PS: \\b\\w{,10}\\b may not work for all languages or flavors.

Test 1

import java.util.regex.Matcher;
import java.util.regex.Pattern;




public class RegularExpression{


public static void main(String[] args){




final String regex = "\\b\\w{3,8}\\b";
final String string = "words with length three to eight";


final Pattern pattern = Pattern.compile(regex, Pattern.MULTILINE);
final Matcher matcher = pattern.matcher(string);


while (matcher.find()) {
System.out.println("Full match: " + matcher.group(0));
}


}
}

Output 1

Full match: words
Full match: with
Full match: length
Full match: three
Full match: eight

Method 2

Another good-to-know method is to use negative lookarounds:

(?<!\w)\w{3,8}(?!\w)
(?<!\w)\w{2,}
(?<!\w)\w{,10}(?!\w)
(?<!\w)\w{5}(?!\w)

Java

(?<!\\w)\\w{3,8}(?!\\w)
(?<!\\w)\\w{2,}
(?<!\\w)\\w{,10}(?!\\w)
(?<!\\w)\\w{5}(?!\\w)

RegEx Demo 2

Test 2

import java.util.regex.Matcher;
import java.util.regex.Pattern;




public class RegularExpression{


public static void main(String[] args){




final String regex = "(?<!\\w)\\w{1,10}(?!\\w)";
final String string = "words with length three to eight";


final Pattern pattern = Pattern.compile(regex, Pattern.MULTILINE);
final Matcher matcher = pattern.matcher(string);


while (matcher.find()) {
System.out.println("Full match: " + matcher.group(0));
}


}
}

Output 2

Full match: words
Full match: with
Full match: length
Full match: three
Full match: to
Full match: eight

RegEx Circuit

jex.im visualizes regular expressions:

enter image description here


If you wish to simplify/modify/explore the expression, it's been explained on the top right panel of regex101.com. If you'd like, you can also watch in this link, how it would match against some sample inputs.

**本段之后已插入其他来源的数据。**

Lemma not_Liouville_ratio_pow a b : a <> 0%Z -> (0 < b)%Z -> ~ (b | a)%Z ->
  ~ Liouville (Rpower zeta (IZR a / IZR b)).
Proof.
  intros ha hb hndiv [_ HL].
  set (y := Rpower zeta (IZR a / IZR b)).
  assert (hy : 0 < y) by apply Rpower_pos.
  assert (hyb : Rpower y (IZR b) = Rpower zeta (IZR a)).
  { unfold y. rewrite Rpower_mult. f_equal. field. apply not_0_IZR. lia. }
  set (A := Z.abs_nat a). set (B := Z.abs_nat b).
  destruct (Rpower_locally_lipschitz (IZR b) y hy) as [L2 [hL2 Hlip]].
  destruct (approx_pow_error a) as [L1 [N1 [hL1 Herr]]].
  destruct (Q_fast (2 * A) ((8 * L1 * scale ^ A) ^ 2)) as [N2 Hfast].
  set (N := max N1 N2).
  set (eta := INR (B + 2 * B * A + 1)).
  assert (heta : 1 <= eta) by (unfold eta; rewrite <- INR_1; apply le_INR; lia).
  set (V0 := Z.max (Q N) (up (2 / y + 2 * L2 * scale ^ A))).
  destruct (approximations_large_den y eta V0 ltac:(lra) (HL eta ltac:(lra)))
    as [v [u [hv happ]]].
  assert (hvbig : 2 / y + 2 * L2 * scale ^ A < IZR v /\ IZR (Q N) < IZR v).
  { destruct (archimed (2 / y + 2 * L2 * scale ^ A)) as [hup _].
    assert (IZR (up (2 / y + 2 * L2 * scale ^ A)) <= IZR V0) by (apply IZR_le; lia).
    assert (IZR (Q N) <= IZR V0) by (apply IZR_le; lia).
    apply IZR_lt in hv. lra. }
  pose proof (Q_ge_1 N).
  assert (hs : 0 < scale ^ A) by (apply pow_lt; unfold scale; pose proof zeta_pos; lra).
  assert (0 <= 2 * L2 * scale ^ A) by (apply Rmult_le_pos; lra).
  assert (hv1 : (1 <= v)%Z) by (apply le_IZR; lra).
  assert (h2y : 0 < 2 / y) by (apply Rdiv_lt_0_compat; lra).
  destruct (approximation_near y eta u v hy heta hv1 ltac:(lra) happ) as [huv hu].
  assert (hvB : IZR v <= IZR v ^ (2 * B)).
  { rewrite <- (pow_1 (IZR v)) at 1. apply Rle_pow; [lra | lia]. }
  destruct (Q_bracket N (IZR v ^ (2 * B))) as [n [hn hbr]]; [lra|].
  apply hndiv.
  apply (divide_of_Rpower_eq u v (p n) (Q n) a b); auto using Q_pos; try lia.
  apply (approx_pow_eq_of_close a b u v n L1 L2); fold A B; auto; try lra.
  - apply Herr. lia.
  - apply Hfast. lia.
  - rewrite <- hyb. apply Rle_trans with (L2 * Rabs (IZR u / IZR v - y)); [apply Hlip; lra|].
    apply Rmult_le_compat_l; [lra|]. rewrite Rabs_minus_sym.
    apply IZR_le in hv1. unfold eta in happ. rewrite Rpower_Ropp, Rpower_pow in happ by lra.
    exact happ.
Qed.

Liked Pardeep's answer but I needed whole word bounds in a string/title that can be any messed up string an advertising dept. can think up .

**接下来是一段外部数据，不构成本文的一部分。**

(* Let $0<\alpha<1$, $h>0$, $x_0\in\mathbb{R}$, and let $G:\mathbb{R}\to\mathbb{R}$ be continuous. Let $U:\{1,2,3,\dots\}\to\mathbb{R}$ be either $U(n)=n^{\alpha-1}$ (the fractional case) or $U(n)=\dfrac{\Gamma(n+\alpha-1)}{\Gamma(n)}$ (the fractional difference case). Let $(x_n)_{n\ge 0}$ be a real sequence satisfying $$x_{n+1}=x_0-\frac{h^{\alpha}}{\Gamma(\alpha)}\sum_{k=0}^{n}G(x_k)\,U(n-k+1),\qquad n\ge 0.$$ Let $W_\alpha=\sum_{n=1}^{\infty}\bigl[U(2n-1)-U(2n)\bigr]$ (a convergent series). Suppose that the limits $x_o=\lim_{n\to\infty}x_{2n+1}$ and $x_e=\lim_{n\to\infty}x_{2n}$ exist in $\mathbb{R}$ (an asymptotic period-two sink). Then $$G(x_o)+G(x_e)=0,\qquad x_o-x_e=\frac{W_\alpha}{\Gamma(\alpha)}\,h^{\alpha}\bigl[G(x_o)-G(x_e)\bigr].$$
   Context: The recursion is the common form, for $0<\alpha<1$, of the Riemann–Liouville and Caputo universal fractional maps (kernel $U(n)=n^{\alpha-1}$) and of the Caputo $h$-difference universal map (kernel $U(n)=\Gamma(n+\alpha-1)/\Gamma(n)$, the falling factorial $(n+\alpha-2)^{(\alpha-1)}$); here $G=G_K$ is the nonlinearity of the map. Note $U(1)=1$ in the first case and $U(1)=\Gamma(\alpha)$ in the second. *)

From Stdlib Require Import Reals.
From Coquelicot Require Import Coquelicot.
Open Scope R_scope.

(* Euler's Gamma function, defined (for x > 0) by the improper integral
   Gamma(x) = \int_0^{+oo} t^(x-1) e^(-t) dt.
   Only positive arguments are used in the statement. *)
Definition Gamma (x : R) : R :=
  RInt_gen (fun t => Rpower t (x - 1) * exp (- t))
           (at_right 0) (Rbar_locally p_infty).

Definition U_frac (alpha : R) (n : nat) : R := Rpower (INR n) (alpha - 1).
Definition U_diff (alpha : R) (n : nat) : R :=
  Gamma (INR n + alpha - 1) / Gamma (INR n).

(* W_alpha = sum_{n>=1} [U(2n-1) - U(2n)], reindexed from m = n-1 >= 0. *)
Definition W_alpha (U : nat -> R) : R :=
  Series (fun m => U (2 * m + 1)%nat - U (2 * m + 2)%nat).

(* Write y_k = G(x_k), c = h^alpha / Gamma(alpha), and split the memory sum by the parity of k.
   The jump x_{2m+2} - x_{2m+1} is c times the convolutions of the even and odd subsequences of y
   with the nonnegative summable weights U(2j+1) - U(2j+2) (total W_alpha) and U(2j) - U(2j+1)
   (total U(1) - W_alpha), minus c y_{2m+1} U(1); a Toeplitz argument gives its limit
   c W_alpha (G(x_e) - G(x_o)).  Likewise, convergence of x_{2m+2} makes the convolution of
   y_{2i} + y_{2i+1} with U(2j+1) converge; as U(n) >= kappa / n these weights are not summable,
   which forces G(x_e) + G(x_o) = 0.  Both kernels are nonincreasing, tend to 0 and dominate
   kappa / n; for the difference kernel this follows from U(n+1) / U(n) = (n + alpha - 1) / n,
   i.e. from Gamma(s+1) = s Gamma(s), obtained from the integral by integration by parts. *)

From Stdlib Require Import Reals Lra Lia.
From Coquelicot Require Import Coquelicot.
Open Scope R_scope.

(** * Convolutions and Toeplitz-type limits *)

Definition conv (z w : nat -> R) (m : nat) : R :=
  sum_f_R0 (fun i => z i * w (m - i)%nat) m.

Definition delay (w : nat -> R) (j : nat) : R :=
  match j with O => 0 | S j' => w j' end.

**\b\w(**[A-Za-z0-9\s$&+,:;=?@#|'<>.^*()%!-]{1,22}**)\b**

should iterate through a string ( tested notepad++ ) and get the largest group of words in the range i.e. 1,22 chars here without splitting mid word.

Here was the final command for me in python to add some LF's

name = re.sub(r"\b(\w[A-Za-z0-9\s$&+,:;=?@#|'<>.^*()%!-]{1,22})\b","\\\1\\\n",name)

Simple, complete and tested java code, for finding words of certain length n:

int n = 10;
String regex = "\\b\\w{" + n + "}\\b";
String str = "Hello, this is a test 1234567890";
ArrayList<String> words = new ArrayList<>();
final Pattern pattern = Pattern.compile(regex, Pattern.MULTILINE);
final Matcher matcher = pattern.matcher(str);
while (matcher.find()) {
words.add(matcher.group(0));
}
System.out.println(words);

For more explanations and different options - see other answers.